At present, researchers have made sterilization protection to immunoadsorbent or immobilized enzyme to different degrees, but most of them mainly use radiation protection agents, the effect is poor, and the radiation protection agents are easy to enter human bodies in actual clinical application, so that a series of immunogenicity and cytotoxicity problems are generated.
Disclosure of Invention
Aiming at the defects of the prior art, the invention aims to provide an irradiation-resistant filler for a hemoperfusion apparatus and a preparation method thereof, and zinc-containing netlike structure particles prepared by the invention are used for immobilizing urate oxidase, and abundant zinc-containing loose netlike structures wrap the urate oxidase therein, so that a certain amount of irradiation can be well absorbed; simultaneously, the natural radiation-resistant functional enzyme is immobilized on the filler of the blood perfusion device, and the functional enzyme can rapidly remove free radicals generated in the radiation sterilization process, so that the influence of radiation sterilization on the activity of urate oxidase on the filler of the blood perfusion device is reduced.
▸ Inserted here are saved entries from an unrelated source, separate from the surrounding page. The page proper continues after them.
(* Let $A_n$ be the nilCoxeter algebra, let $\psi_n$ be the algebra involution of $A_n$ with $\psi_n(Y_i)=Y_{n-i}$, and let $A_n^{\psi}$ be the $A_n$-bimodule which is $A_n$ with left action by left multiplication and right action twisted by $\psi_n$ (i.e. $a\cdot t\cdot b=at\psi_n(b)$). Let $A_n^{\ast}=\mathrm{Hom}_{\mathbb{Q}}(A_n,\mathbb{Q})$ with the $A_n$-bimodule structure $(a f b)(y)=f(bya)$. Then $A_n^{\ast}$ and $A_n^{\psi}$ are isomorphic as $A_n$-bimodules.
   Context: $A_n$ is the unital $\mathbb{Q}$-algebra generated by $Y_1,\dots,Y_{n-1}$ with relations $Y_i^2=0$, $Y_iY_j=Y_jY_i$ for $|i-j|>1$, $Y_iY_{i+1}Y_i=Y_{i+1}Y_iY_{i+1}$. *)

From HB Require Import structures.
From mathcomp Require Import all_boot all_order all_algebra.
Set Implicit Arguments. Unset Strict Implicit. Unset Printing Implicit Defensive.
Import Order.TTheory GRing.Theory Num.Theory.
Local Open Scope ring_scope.

(* Generators Y_1, ..., Y_{n-1} are encoded as Y : nat -> B; only the values
   at indices 1 <= i <= n-1 matter. *)
Definition nilCoxeter_rels (B : algType rat) (n : nat) (Y : nat -> B) : Prop :=
  [/\ (forall i, (1 <= i < n)%N -> Y i * Y i = 0),
      (forall i j, (1 <= i < n)%N -> (1 <= j < n)%N ->
         ((i.+1 < j) || (j.+1 < i))%N -> Y i * Y j = Y j * Y i)
    & (forall i, (1 <= i)%N -> (i.+1 < n)%N ->
         Y i * Y i.+1 * Y i = Y i.+1 * Y i * Y i.+1)].

Definition is_alg_hom (A B : algType rat) (f : A -> B) : Prop :=
  [/\ (forall (c : rat) (x y : A), f (c *: x + y) = c *: f x + f y),
      f 1 = 1
    & (forall x y : A, f (x * y) = f x * f y)].

(* (A, Y) is the unital Q-algebra presented by generators Y_1..Y_{n-1} and the
   nilCoxeter relations, i.e. it satisfies the universal property of the
   presentation. *)
Definition is_nilCoxeter (A : algType rat) (n : nat) (Y : nat -> A) : Prop :=
  nilCoxeter_rels n Y /\
  forall (B : algType rat) (Z : nat -> B), nilCoxeter_rels n Z ->
    exists f : A -> B,
      [/\ is_alg_hom f,
          (forall i, (1 <= i < n)%N -> f (Y i) = Z i)
        & (forall g : A -> B, is_alg_hom g ->
             (forall i, (1 <= i < n)%N -> g (Y i) = Z i) -> g =1 f)].

Definition is_Qlinear_functional (A : algType rat) (f : A -> rat) : Prop :=
  forall (c : rat) (x y : A), f (c *: x + y) = c * f x + f y.

From HB Require Import structures.
From mathcomp Require Import all_boot all_order all_algebra all_fingroup.
From mathcomp Require Import zify.
From Stdlib Require Import ClassicalEpsilon.
Set Implicit Arguments. Unset Strict Implicit. Unset Printing Implicit Defensive.
Import GRing.Theory.
Local Open Scope ring_scope.

(* A_n is spanned by the n! products of the normal words, concatenations of
   descending runs Y_j Y_(j-1) ... Y_(j-d+1) with j increasing: their span is
   stable under right multiplication by Y_i, which commutes past the last run,
   extends it, kills it, or (braid relation) passes through it as Y_(i-1).
   On Q[S_n] the operators [Lop i], sending e_p to e_(s_i p) when this adds an
   inversion and to 0 otherwise, satisfy the nilCoxeter relations and commute
   with their right-handed analogues [Rop j]; let f be the induced
   representation.  Every e_w is reached from e_1 by a word in the [Lop i], so
   the normal products are linearly independent, and e_w0 is reached from every
   e_w.  Hence, with frob x the coefficient of e_w0 in f(x) e_1, the pairing
   (y, t) |-> frob (y t) is nondegenerate.  Since s_i w0 = w0 s_(n-i) and left
   and right operators commute, frob (Y_i x) = frob (x Y_(n-i)), so
   frob (b x) = frob (x psi(b)) and t |-> frob (_ t) is a bimodule isomorphism
   from A_n^psi onto A_n^*. *)

Lemma nilCoxeter_endo_id n (A : algType rat) (Y : nat -> A) (g : A -> A) :
  is_nilCoxeter n Y -> is_alg_hom g -> (forall i, (1 <= i < n)%N -> g (Y i) = Y i) ->
  g =1 id.
Proof.
case=> rels univ gh gY x; have [f [_ _ f_uniq]] := univ A Y rels.
have id_hom : is_alg_hom (@id A) by [].
by rewrite (f_uniq g gh gY) -(f_uniq id id_hom).
Qed.

Definition classic_pred (T : Type) (P : T -> Prop) : pred T :=
  fun x => if excluded_middle_informative (P x) then true else false.

Lemma classic_predP (T : Type) (P : T -> Prop) x : reflect (P x) (classic_pred P x).
Proof. by rewrite /classic_pred; case: excluded_middle_informative => h; constructor. Qed.

(* The elements satisfying [P] form a subalgebra containing the generators; by
   the universal property its inclusion is onto. *)
Section NilCoxeterInduction.
Variables (n : nat) (A : algType rat) (Y : nat -> A) (P : A -> Prop).
Hypothesis P1 : P 1.
Hypothesis P_lin : forall (c : rat) x y, P x -> P y -> P (c *: x + y).
Hypothesis P_mul : forall x y, P x -> P y -> P (x * y).
Hypothesis P_gen : forall i, (1 <= i < n)%N -> P (Y i).

Let S := classic_pred P.

Let S_subalg_closed : subalg_closed S.
Proof.
split; first exact/classic_predP.
- by move=> c u v /classic_predP Pu /classic_predP Pv; apply/classic_predP/P_lin.
- by move=> u v /classic_predP Pu /classic_predP Pv; apply/classic_predP/P_mul.
Qed.

HB.instance Definition _ := GRing.isSubalgClosed.Build rat A S S_subalg_closed.
Local Notation subA := {x : A | S x}.
HB.instance Definition _ := [Choice of subA by <:].
HB.instance Definition _ := [SubChoice_isSubAlgebra of subA by <:].

Let Ysub i : subA :=
  if (1 <= i < n)%N =P true is ReflectT i_bd then
    Sub (Y i) (introT (classic_predP _ _) (P_gen i_bd))
  else 0.

Let YsubE i : (1 <= i < n)%N -> val (Ysub i) = Y i.
Proof. by rewrite /Ysub; case: eqP. Qed.
Lemma obs_gain_ge1 : 1 <= obs_gain.
Proof. by rewrite lerDl; apply: sumr_ge0 => i _; exact: sumr_ge0. Qed.

Lemma obs_mx_mul (v : 'cV[R]_n) k : (obs_mx *m v) k 0 = (C *m A ^+ k *m v) 0 0.
Proof. by rewrite !mxE; apply: eq_bigr => j _; rewrite mxE. Qed.

Lemma norm_le_obs_gain (v : 'cV[R]_n) d :
  observable_pair C A -> 0 <= d ->
  (forall k : 'I_n, `|(C *m A ^+ k *m v) 0 0| <= d) -> `|v| <= obs_gain * d.
Proof.
move=> obs d0 vd.
have obs_unit : obs_mx \in unitmx by rewrite -row_free_unit; apply/eqP.
apply: mx_norm_le_entries => [|i j].
  by rewrite mulr_ge0 // (le_trans ler01 obs_gain_ge1).
rewrite (ord1 j) -(mulKmx obs_unit v) mxE.
apply: le_trans (ler_norm_sum _ _ _) _.
apply: (@le_trans _ _ (\sum_k `|invmx obs_mx i k| * d)).
  by apply: ler_sum => k _; rewrite normrM obs_mx_mul ler_wpM2l.
rewrite -mulr_suml ler_wpM2r // /obs_gain.
apply: (@le_trans _ _ (\sum_i \sum_k `|invmx obs_mx i k|)).
  2: by rewrite lerDr.
rewrite [leRHS](bigD1 i) //= lerDl.
by apply: sumr_ge0 => l _; exact: sumr_ge0.
Qed.

End ObservabilityInequality.

Lemma sys_sol_sub (R : realType) n (A B : 'M[R]_n) (b : 'cV[R]_n) (u : R -> R)
    (T : R) (x1 x2 : R -> 'cV[R]_n) :
  sys_sol A B b u T x1 -> sys_sol A B b u T x2 ->
  {within `[0, T], continuous (fun t => x1 t - x2 t)} /\
  forall t, 0 < t < T -> derivable (fun t => x1 t - x2 t) t 1 /\
    'D_1 (fun t => x1 t - x2 t) t = Au A B (u t) *m (x1 t - x2 t).
Proof.
move=> [c1 d1] [c2 d2]; split => [s | s sT].
  exact: continuousB (c1 s) (c2 s).
have [dx1 D1] := d1 s sT; have [dx2 D2] := d2 s sT.
split; first exact: derivableB.
by rewrite (deriveB dx1 dx2) D1 D2 mulmxBr opprD addrACA subrr addr0.
Qed.

Section SmallInput.
Variables (R : realType) (n : nat) (A B : 'M[R]_n) (C : 'rV[R]_n) (T : R).
Hypothesis T_gt0 : 0 < T.

Definition coord_growth : R :=
  1 + \sum_(k < n.+1) (row_l1 (C *m A ^+ k) + row_l1 (C *m A ^+ k *m B)).

Lemma coord_growth_gt0 : 0 < coord_growth.
Proof.
rewrite ltr_pwDl //; apply: sumr_ge0 => k _.
by rewrite addr_ge0 // row_l1_ge0.
Qed.

Lemma row_l1_le_coord_growth k : (k <= n)%N ->
  row_l1 (C *m A ^+ k) <= coord_growth /\
  row_l1 (C *m A ^+ k *m B) <= coord_growth.
Proof.
rewrite -ltnS => kn.
pose F (i : 'I_n.+1) := row_l1 (C *m A ^+ i) + row_l1 (C *m A ^+ i *m B).
have F_ge0 i : 0 <= F i by rewrite addr_ge0 // row_l1_ge0.
have Fk : F (Ordinal kn) <= \sum_i F i.
  by rewrite (bigD1 (Ordinal kn)) //= lerDl; exact: sumr_ge0.
have sumF : \sum_i F i <= coord_growth := ler_wpDl ler01 (lexx _).
move: Fk sumF; rewrite /F /=.
have := row_l1_ge0 (C *m A ^+ k); have := row_l1_ge0 (C *m A ^+ k *m B).
by split; lra.
Qed.

Definition window (t : R) : R := Num.min (Num.min 1 T) (t / (6 * coord_growth)).

(* [tol (n.-1 - k) * M] bounds [C A^k e] when [M] bounds [e]: [tol 0] is
   chosen so that the observability inequality returns [M / 2], and each
   step shrinks by the factor [window / 6] demanded by [tol_window_budget]. *)
Fixpoint tol (j : nat) : R :=
  if j is j'.+1 then tol j' * window (tol j') / 6 else (2 * obs_gain C A)^-1.

Definition small_input_bound : R := Num.min 1 (tol n / (3 * coord_growth)).

Lemma window_gt0 t : 0 < t -> 0 < window t.
Proof.
move=> t0; rewrite !lt_min ltr01 T_gt0 divr_gt0 //.
by rewrite mulr_gt0 // coord_growth_gt0.
Qed.

Lemma window_le1 t : window t <= 1.
Proof. by rewrite !ge_min lexx. Qed.

Lemma window_le_T t : window t <= T.
Proof. by rewrite !ge_min lexx orbT. Qed.

Lemma window_mul_coord_growth t : window t * (6 * coord_growth) <= t.
Proof.
have : window t <= t / (6 * coord_growth) by rewrite ge_min lexx orbT.
by rewrite ler_pdivlMr // mulr_gt0 // coord_growth_gt0.
Qed.

Lemma tol_gt0 j : 0 < tol j.
Proof.
elim: j => [|j IH] /=.
  by rewrite invr_gt0 mulr_gt0 // (lt_le_trans ltr01 (obs_gain_ge1 _ _)).
by rewrite divr_gt0 // mulr_gt0 // window_gt0.
Qed.

Lemma tol_nonincreasing i j : (i <= j)%N -> tol j <= tol i.
Proof.
elim: j => [|j IH]; first by rewrite leqn0 => /eqP ->.
rewrite leq_eqVlt ltnS => /predU1P[-> // | /IH]; apply: le_trans => /=.
have := tol_gt0 j; have := window_le1 (tol j); have := window_gt0 (tol_gt0 j).
by move=> *; nra.
Qed.

Lemma small_input_bound_gt0 : 0 < small_input_bound.
Proof.
by rewrite lt_min ltr01 divr_gt0 // ?tol_gt0 // mulr_gt0 // coord_growth_gt0.
Qed.

Lemma small_input_bound_le1 : small_input_bound <= 1.
Proof. by rewrite ge_min lexx. Qed.

Lemma tol_window_budget j : (j <= n)%N ->
  2 * tol j.+1 / window (tol j) + small_input_bound * coord_growth
    + 2 * coord_growth * window (tol j) <= tol j.
Proof.
move=> jn; have h0 := window_gt0 (tol_gt0 j).
have tol_term : 2 * tol j.+1 / window (tol j) = tol j / 3.
  by rewrite /=; field; rewrite gt_eqF.
have input_term : small_input_bound * (3 * coord_growth) <= tol j.
  apply: le_trans (tol_nonincreasing jn).
  have : small_input_bound <= tol n / (3 * coord_growth).
    by rewrite ge_min lexx orbT.
  by rewrite ler_pdivlMr // mulr_gt0 // coord_growth_gt0.
have window_term := window_mul_coord_growth (tol j).
rewrite tol_term; lra.
Qed.

Section Estimates.
Variables (u : R -> R) (e : R -> 'cV[R]_n) (M : R).
Hypothesis u_small : forall t, 0 <= t <= T -> `|u t| <= small_input_bound.
Hypothesis e_cont : {within `[0, T], continuous e}.
Hypothesis e_ode : forall t, 0 < t < T ->
  derivable e t 1 /\ 'D_1 e t = Au A B (u t) *m e t.
Hypothesis e_le : forall t, 0 <= t <= T -> `|e t| <= M.
Hypothesis e_unobserved : forall t, 0 <= t <= T -> C *m e t = 0.

Let y k t := (C *m A ^+ k *m e t) 0 0.
Let w k t := (C *m A ^+ k *m B *m e t) 0 0.

Lemma norm_bound_ge0 : 0 <= M.
Proof. by apply: le_trans (normr_ge0 (e 0)) (e_le _); rewrite lexx ltW. Qed.

Lemma obs_coord_le k t :
  (k <= n)%N -> 0 <= t <= T -> `|y k t| <= coord_growth * M.
Proof.
move=> kn tT; apply: le_trans (row_mul_bound _ _) _.
have [yk _] := row_l1_le_coord_growth kn.
exact: ler_pM (row_l1_ge0 _) (normr_ge0 _) yk (e_le tT).
Qed.

Lemma obs_coord_input_le k t :
  (k <= n)%N -> 0 <= t <= T -> `|w k t| <= coord_growth * M.
Proof.
move=> kn tT; apply: le_trans (row_mul_bound _ _) _.
have [_ wk] := row_l1_le_coord_growth kn.
exact: ler_pM (row_l1_ge0 _) (normr_ge0 _) wk (e_le tT).
Qed.

Lemma obs_coord_continuous k : {within `[0, T], continuous (y k)}.
Proof.
move=> x.
exact: continuous_comp (@e_cont x) (@row_mul_continuous _ _ (C *m A ^+ k) _).
Qed.

Lemma is_derive_obs_coord k t :
  0 < t < T -> is_derive t 1 (y k) (y k.+1 t + u t * w k t).
Proof.
move=> tT; have [de De] := e_ode tT.
have := is_derive_row_mul (C *m A ^+ k) de; rewrite De.
have -> : C *m A ^+ k *m (Au A B (u t) *m e t) =
    C *m A ^+ k.+1 *m e t + u t *: (C *m A ^+ k *m B *m e t).
  rewrite /Au mulmxA mulmxDr mulmxDl -scalemxAr -scalemxAl.
  by rewrite exprSr -mulmxE mulmxA.
by rewrite mxE [X in _ + X]mxE.
Qed.

Lemma obs_coord_lipschitz k : (k < n)%N ->
  {in `[0, T] &,
    forall s t, `|y k s - y k t| <= 2 * coord_growth * M * `|s - t|}.
Proof.
move=> kn.
apply: (@lipschitz_of_derive_bound R (y k) (fun s => y k.+1 s + u s * w k s)).
- by move=> x; rewrite in_itv /= => /is_derive_obs_coord.
- exact: obs_coord_continuous.
move=> x; rewrite in_itv /= => /andP[x0 xT].
have xT' : 0 <= x <= T by rewrite !ltW.
have uw : `|u x| * `|w k x| <= coord_growth * M.
  rewrite -[leRHS]mul1r; apply: ler_pM => //.
    exact: le_trans (u_small xT') small_input_bound_le1.
  exact: obs_coord_input_le (ltnW kn) xT'.
have := obs_coord_le kn xT'; have := ler_normD (y k.+1 x) (u x * w k x).
rewrite normrM; lra.
Qed.

Lemma obs_coord_small k :
  (k < n)%N -> forall t, 0 <= t <= T -> `|y k t| <= tol (n.-1 - k) * M.
Proof.
have M0 := norm_bound_ge0.
elim: k => [|k IH] kn t tT.
  rewrite /y expr0 mulmx1 e_unobserved // mxE normr0.
  by rewrite mulr_ge0 // ltW // tol_gt0.
set j := (n.-1 - k.+1)%N.
have ej : (n.-1 - k)%N = j.+1 by rewrite /j; lia.
have jn : (j <= n)%N by rewrite /j; lia.
have h0 := window_gt0 (tol_gt0 j).
set h := window (tol j) in h0 *.
have le_interp : `|y k.+1 t| <= 2 * (tol j.+1 * M) / h
    + small_input_bound * coord_growth * M + 2 * coord_growth * M * h.
  apply: (@derive_interpolation R (y k) (y k.+1) (fun s => u s * w k s) T h
    _ _ _ _ _ (@obs_coord_continuous k) (fun s => @is_derive_obs_coord k s)
    _ _ (obs_coord_lipschitz kn) t tT).
  - by rewrite h0 window_le_T.
  - by rewrite !mulr_ge0 // ltW // coord_growth_gt0.
  - by move=> s sT; rewrite -ej; apply: IH => //; exact: ltnW.
  - move=> s sT; rewrite normrM -mulrA.
    apply: ler_pM (normr_ge0 _) (normr_ge0 _) (u_small sT) _.
    exact: obs_coord_input_le (ltnW (ltnW kn)) sT.
apply: le_trans le_interp _.
have -> : 2 * (tol j.+1 * M) / h + small_input_bound * coord_growth * M
    + 2 * coord_growth * M * h
  = (2 * tol j.+1 / h + small_input_bound * coord_growth
      + 2 * coord_growth * h) * M by ring.
by rewrite ler_wpM2r // tol_window_budget.
Qed.

End Estimates.

Lemma unobserved_small_input_eq0 (u : R -> R) (e : R -> 'cV[R]_n) :
  observable_pair C A ->
  (forall t, 0 <= t <= T -> `|u t| <= small_input_bound) ->
  {within `[0, T], continuous e} ->
  (forall t, 0 < t < T -> derivable e t 1 /\ 'D_1 e t = Au A B (u t) *m e t) ->
  (forall t, 0 <= t <= T -> C *m e t = 0) ->
  forall t, 0 <= t <= T -> e t = 0.
Proof.
move=> obs u_small e_cont e_ode e_unobserved.
have [tm tmT e_max] := EVT_max (ltW T_gt0)
  (fun x => continuous_comp (e_cont x) (@norm_continuous _ _ (e x))).
set M := `|e tm|.
have M_ge0 : 0 <= M := normr_ge0 _.
have e_le t : 0 <= t <= T -> `|e t| <= M.
  by move=> tT; apply: e_max; rewrite in_itv.
have e_le_half t : 0 <= t <= T -> `|e t| <= M / 2.
  move=> tT; have gain_gt0 := lt_le_trans ltr01 (obs_gain_ge1 C A).
  have -> : M / 2 = obs_gain C A * (tol 0 * M).
    by rewrite /=; field; rewrite gt_eqF.
  apply: norm_le_obs_gain => [//||k].
    by rewrite mulr_ge0 // ltW // tol_gt0.
  have := obs_coord_small u_small e_cont e_ode e_le e_unobserved (ltn_ord k) tT.
  by move/le_trans; apply; rewrite ler_wpM2r // tol_nonincreasing.
have M_le0 : M <= 0.
  have tm_in : 0 <= tm <= T by move: tmT; rewrite in_itv.
  by have := e_le_half _ tm_in; rewrite -/M; lra.
by move=> t tT; apply/eqP; rewrite -normr_le0 (le_trans (e_le _ tT)).
Qed.

Lemma observable_in_time_small_input (b : 'cV[R]_n) (u : R -> R) :
  observable_pair C A ->
  (forall t, 0 <= t <= T -> `|u t| <= small_input_bound) ->
  observable_in_time A B b C u T.
Proof.
move=> obs u_small x1 x2 x1_sol x2_sol same_output t tT.
have [e_cont e_ode] := sys_sol_sub x1_sol x2_sol.
apply/eqP; rewrite -subr_eq0; apply/eqP.
apply: (unobserved_small_input_eq0 obs u_small e_cont e_ode) => // s sT.
by rewrite mulmxBr same_output // subrr.
Qed.
(* Let $P$ be as in the context. If $x_a\ge x_\theta\ge0$ and $x_b\ge0$, then $$P(x_a,x_b,x_\theta)\ge\tfrac12\big(1-\Phi(x_a-x_\theta)\big)+\tfrac12\big(1-\Phi(x_a+x_\theta)\big).$$ If $0\le x_a<x_\theta$ and $x_b\ge0$, then $P(x_a,x_b,x_\theta)\ge\tfrac14$.
   Context: $\phi$ and $\Phi$ are the standard normal density and CDF. For $y,x_b\in\mathbb{R}$, $w(y,x_b)=\frac{e^{yx_b}}{e^{yx_b}+e^{-yx_b}}$, and $P(x_a,x_b,x_\theta)=\int_{\mathbb{R}}w(y-x_a,x_b)\,\tfrac12\big(\phi(y-x_\theta)+\phi(y+x_\theta)\big)dy$. *)

From Stdlib Require Import Reals.
From Coquelicot Require Import Coquelicot.
Open Scope R_scope.

Definition phi (x : R) : R := exp (- x ^ 2 / 2) / sqrt (2 * PI).

Definition Phi (x : R) : R :=
  RInt_gen phi (Rbar_locally m_infty) (at_point x).

Definition w (y xb : R) : R :=
  exp (y * xb) / (exp (y * xb) + exp (- (y * xb))).

Definition P (xa xb xt : R) : R :=
  RInt_gen (fun y => w (y - xa) xb * (/ 2 * (phi (y - xt) + phi (y + xt))))
    (Rbar_locally m_infty) (Rbar_locally p_infty).

From Stdlib Require Import Reals Lra Classical.
From Coquelicot Require Import Coquelicot.
Open Scope R_scope.

(* Pair the integrand of P at c - s and c + s.  Since w(-s) + w(s) = 1 and each Gaussian
   bump is larger on the near side of its centre than on the far side, the pair is bounded
   below by an explicit Gaussian: by the far-side tails (phi(s + xa - xt) + phi(s + xa + xt))/2
   when xa >= xt (take c = xa), and by phi(s)/2 when xa <= xt (take c = xt, using that w
   increases in y when xb >= 0).
   The normalisation of phi rests on the identity
   (int_0^x e^(-t^2))^2 + int_0^1 e^(-x^2 (1 + t^2)) / (1 + t^2) dt = PI/4,
   whose left side has zero derivative; P exists because the partial integrals of its
   nonnegative integrand are monotone and bounded. *)

Ltac continuous_by_derive :=
  apply (@ex_derive_continuous R_AbsRing R_NormedModule); auto_derive.

Lemma exp_le_exp a b : a <= b -> exp a <= exp b.
Proof. intros [h | ->]; [now left; apply exp_increasing | now right]. Qed.

Section ContinuousIntegrand.

Variable f : R -> R.
Hypothesis f_cont : forall x, continuous f x.

Lemma ex_RInt_cont a b : ex_RInt f a b.
Proof. apply (@ex_RInt_continuous R_CompleteNormedModule); intros; apply f_cont. Qed.

Lemma is_derive_RInt_0 x : is_derive (RInt f 0) x (f x).
Proof.
  apply is_derive_RInt with 0; [| apply f_cont].
  apply filter_forall; intros; apply RInt_correct, ex_RInt_cont.
Qed.

Lemma is_RInt_gen_primitive (Fa Fb : (R -> Prop) -> Prop) {FFa : Filter Fa} {FFb : Filter Fb}
  (la lb : R) :
  filterlim (RInt f 0) Fa (locally la) -> filterlim (RInt f 0) Fb (locally lb) ->
  is_RInt_gen f Fa Fb (lb - la).
Proof.
  intros Ha Hb.
  assert (D : forall x, Derive (RInt f 0) x = f x)
    by (intros; apply is_derive_unique, is_derive_RInt_0).
  apply (is_RInt_gen_ext (Derive (RInt f 0))).
  { apply filter_forall; intros; apply D. }
  apply is_RInt_gen_Derive; auto; apply filter_forall; intros.
  - eexists; apply is_derive_RInt_0.
  - apply (continuous_ext f); [intros; symmetry; apply D | apply f_cont].
Qed.

Lemma continuous_reflect c x : continuous (fun y => f (c - y)) x.
Proof.
  apply (continuous_comp (fun y => c - y) f); [continuous_by_derive; trivial | apply f_cont].
Qed.

Lemma continuous_translate c x : continuous (fun y => f (c + y)) x.
Proof.
  apply (continuous_comp (fun y => c + y) f); [continuous_by_derive; trivial | apply f_cont].
Qed.

Lemma RInt_Chasles_cont a b c : RInt f a b + RInt f b c = RInt f a c.
Proof. apply (@RInt_Chasles R_CompleteNormedModule); apply ex_RInt_cont. Qed.

Lemma RInt_swap_cont a b : RInt f a b = - RInt f b a :> R.
Proof. generalize (RInt_Chasles_cont a b a); rewrite RInt_point; unfold zero; simpl; lra. Qed.

Lemma RInt_0_incr : (forall x, 0 <= f x) -> forall a b, a <= b -> RInt f 0 a <= RInt f 0 b.
Proof.
  intros Hf a b Hab. rewrite <- (RInt_Chasles_cont 0 a b).
  assert (0 <= RInt f a b) by (apply RInt_ge_0; auto using ex_RInt_cont).
  simpl; lra.
Qed.

Lemma RInt_comp_affine u v a b :
  RInt (fun y => u * f (u * y + v)) a b = RInt f (u * a + v) (u * b + v) :> R.
Proof. apply (@RInt_comp_lin R_CompleteNormedModule), ex_RInt_cont. Qed.

Lemma RInt_shift c a b : RInt (fun y => f (y + c)) a b = RInt f (a + c) (b + c) :> R.
Proof.
  replace (a + c) with (1 * a + c) by ring. replace (b + c) with (1 * b + c) by ring.
  rewrite <- RInt_comp_affine.
  apply RInt_ext; intros; rewrite !Rmult_1_l; reflexivity.
Qed.

Lemma RInt_reflect c a b : RInt (fun y => f (c - y)) a b = RInt f (c - b) (c - a) :> R.
Proof.
  rewrite (RInt_swap_cont (c - b)).
  replace (c - b) with (-1 * b + c) by ring. replace (c - a) with (-1 * a + c) by ring.
  rewrite <- RInt_comp_affine.
  rewrite (RInt_ext (fun y => -1 * f (-1 * y + c)) (fun y => scal (-1) (f (c - y))))
    by (intros; change (scal ?k ?z) with (k * z); do 2 f_equal; ring).
  rewrite (@RInt_scal R_CompleteNormedModule)
    by (apply ex_RInt_continuous; intros; apply continuous_reflect).
  unfold scal; simpl; unfold mult; simpl; lra.
Qed.

Lemma RInt_symmetrize c M :
  RInt f 0 (c + M) - RInt f 0 (c - M) = RInt (fun s => f (c - s) + f (c + s)) 0 M.
Proof.
  rewrite (@RInt_plus R_CompleteNormedModule)
    by (apply ex_RInt_continuous; intros; auto using continuous_reflect, continuous_translate).
  rewrite RInt_reflect, (RInt_ext (fun s => f (c + s)) (fun s => f (s + c)))
    by (intros; f_equal; ring).
  rewrite RInt_shift, <- (RInt_Chasles_cont 0 c (c + M)), <- (RInt_Chasles_cont 0 c (c - M)).
  replace (c - 0) with c by ring; replace (0 + c) with c by ring.
  replace (M + c) with (c + M) by ring.
  rewrite (RInt_swap_cont c (c - M)). unfold plus; simpl; ring.
Qed.

End ContinuousIntegrand.

Lemma is_lim_p_shift (F : R -> R) (L : Rbar) c :
  is_lim F p_infty L -> is_lim (fun M => F (c + M)) p_infty L.
Proof.
  intros HL; apply (is_lim_comp F (fun M => c + M) p_infty L p_infty); auto.
  - apply is_lim_spec; intros K; exists (K - c); intros; lra.
  - exists 0; intros; discriminate.
Qed.

Lemma is_lim_m_reflect (F : R -> R) (L : Rbar) c :
  is_lim F m_infty L -> is_lim (fun M => F (c - M)) p_infty L.
Proof.
  intros HL; apply (is_lim_comp F (fun M => c - M) p_infty L m_infty); auto.
  - apply is_lim_spec; intros K; exists (c - K); intros; lra.
  - exists 0; intros; discriminate.
Qed.

Lemma is_lim_p_reflect (F : R -> R) (L : Rbar) c :
  is_lim F p_infty L -> is_lim (fun M => F (c - M)) m_infty L.
Proof.
  intros HL; apply (is_lim_comp F (fun M => c - M) m_infty L p_infty); auto.
  - apply is_lim_spec; intros K; exists (c - K); intros; lra.
  - exists 0; intros; discriminate.
Qed.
In order to achieve the above purpose, the present invention provides the following technical solutions:
a method for preparing radiation-resistant filler for a hemoperfusion apparatus, comprising the steps of:
(1) Preparation of zinc melamine salicylate hydrogel: adding deionized water into a beaker, then adding zinc sulfate, melamine and salicylic acid, fully and uniformly mixing, carrying out constant-temperature oscillation reaction, and cooling to room temperature after the reaction is completed to obtain melamine zinc salicylate hydrogel;
(2) Preparation of hydrogel particles: adding n-hexane and sorbitan trioleate (Span 85) into a beaker, then adding the melamine zinc salicylate hydrogel obtained in the step (1), and carrying out stirring reaction to obtain a hydrogel particle mixed solution after the reaction is completed;
(3) Immobilized enzyme network carrier particles: adding 2-methylimidazole into the hydrogel particle mixed solution obtained in the step (2), oscillating at constant temperature, cooling to room temperature after the oscillating is completed, and performing filtration, washing and drying treatment to obtain a particle product; then adding the granular product into deionized water, soaking at constant temperature, and then filtering and drying to obtain immobilized enzyme reticular carrier particles;
(4) Preparation of radiation-resistant filler: adding the immobilized enzyme reticular carrier particles obtained in the step (3) into Tris buffer solution, then adding urate oxidase and functional enzyme for constant-temperature oscillation, and then filtering and drying to obtain the radiation-resistant filler.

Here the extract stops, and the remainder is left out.